There was absolutely no doubt about Benedict’s intelligence and what theologian Uta Ranke-Heinemann calls his esprit de finesse by which she means his perceptiveness and sensitivity. Essentially, Benedict was a European intellectual who was redeemed by his genuine Bavarian Catholic piety and his love of music, especially Mozart. Mozart’s music ‘touches me very deeply, because it is so luminous and yet at the same time so profound.’ Benedict was a concert standard pianist.

As pope it became clear again that governance was not his strength. Despite long experience in the Vatican, he was unable to bring the bureaucracy to heel and several of his appointments were disasters. An example is Cardinal Tarcisio Bertone as Secretary of State, the equivalent of papal prime minister and foreign minister. Bertone was narrow-minded and parochial. Things in the Vatican went from bad to worse with internal conflict, document leaks and stories of a ‘gay lobby.’

Endless discussions of the ‘danger of relativism’, by which Benedict really meant post-modernism, did nothing for Catholics in the global south, particularly Latin America, who saw him as deeply Eurocentric, lacking understanding of their reality.

Benedict’s jaundiced views on worship led to his granting widespread permission to use an outdated Latin liturgy introduced in the 16th century to satisfy a noisy reactionary clique. Another disastrous error was the imposition of ‘new’ literal English translation of the Latin of the Mass and sacraments which has left us with almost unspeakable English.

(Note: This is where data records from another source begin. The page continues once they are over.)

Lemma Mnorm_embedding_ge x n : ((`|x n|)%:E <= Mnorm Om phi (embedding x))%E.
Proof.
apply: lee_frequently_sqr => // N; have [k Nk kn] := logn2_frequently n N.
exists k => //; set m := tk k - tk k.+1.
have m0 : 0 < m by rewrite subr_gt0 tk_lt.
have Om_m : Om m by apply: (Om_le (Om_tk k)); rewrite // lerBlDr lerDl ltW // tk_gt0.
have piece_Om : piece tk k `<=` Om.
  move=> u /andP[ku uk]; apply: (Om_le (Om_tk k)); last exact: ltW.
  exact: lt_le_trans (tk_gt0 _) ku.
have c0 : 0 <= `|x n| * slope k by rewrite mulr_ge0 // ltW // slope_gt0.
have embedding_piece u : piece tk k u -> `|x n| * slope k <= `|embedding x u|.
  move=> pu; rewrite /embedding (stepfunE tk_gt0 tk_lt _ pu) kn normrM.
  by rewrite (gtr0_norm (slope_gt0 k)).
have := Mnorm_ge_on measurable_Om Om_gt0 (measurable_embedding x)
  (measurable_piece tk k) piece_Om (lebesgue_measure_piece tk_lt k) Om_m c0
  (ltW (phi_gt0 Om_m)) embedding_piece.
by apply: le_trans; rewrite lee_fin -mulrA ler_wpM2l // slope_phi_piece.
Qed.

Lemma Mnorm_embedding x : bounded_seq x -> Mnorm Om phi (embedding x) = linf_norm x.
Proof.
move=> /linf_norm_fin_num/fineK xE; apply/le_anti/andP; split.
- rewrite -xE; apply: Mnorm_embedding_le => n; rewrite -lee_fin xE.
  by apply: ereal_sup_ubound; exists n.
- by apply: ge_ereal_sup => _ [n _ <-]; exact: Mnorm_embedding_ge.
Qed.

End Embedding.

Unset Implicit Arguments.

Theorem corollary3p9 (R : realType) (Omega : set R) (phi : R -> R) :
  (Omega = [set t : R | 0 < t < 1] \/ Omega = [set t : R | 0 < t]) ->
  quasi_concave Omega phi ->
  (fun t => t / phi t) @ 0^'+ --> 0 ->
  exists T : (nat -> R) -> (R -> R), lattice_isometric_embedding Omega phi T.
Proof.
move=> Om_def phi_qc psi_cvg0.
have norm_embedding := Mnorm_embedding Om_def phi_qc psi_cvg0.
exists (embedding phi); split => [x bx|x y _ _|a x _|x y _ _|x /norm_embedding //].
- split; first exact: measurable_embedding Om_def phi_qc psi_cvg0 x.
  by rewrite norm_embedding //; case/fin_numPlt/andP: (linf_norm_fin_num bx).
- by apply: aeW => u _; exact: embeddingD.
- by apply: aeW => u _; exact: embeddingZ.
- by apply: aeW => u _; exact: embedding_max Om_def phi_qc psi_cvg0 x y u.
Qed.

He also lacks an historico-critical sense which meant he tended to see issues abstractly rather than in a living, existential sense.

Benedict’s most important act was his resignation because in one fell-swoop he relativised the papacy and drained it of its ‘mystery’. It showed him as a normal man who admitted that he had ‘come to the certainty that my strengths, due to advanced age, are no longer suited to an adequate exercise of the Petrine ministry.’ That required humility; the last pope to have resigned was Celestine V in 1294.

It is ironic that the pope who denounced relativism actually relativized papal authority and set a precedent for subsequent popes to do the same. Thank you, Benedict XVI.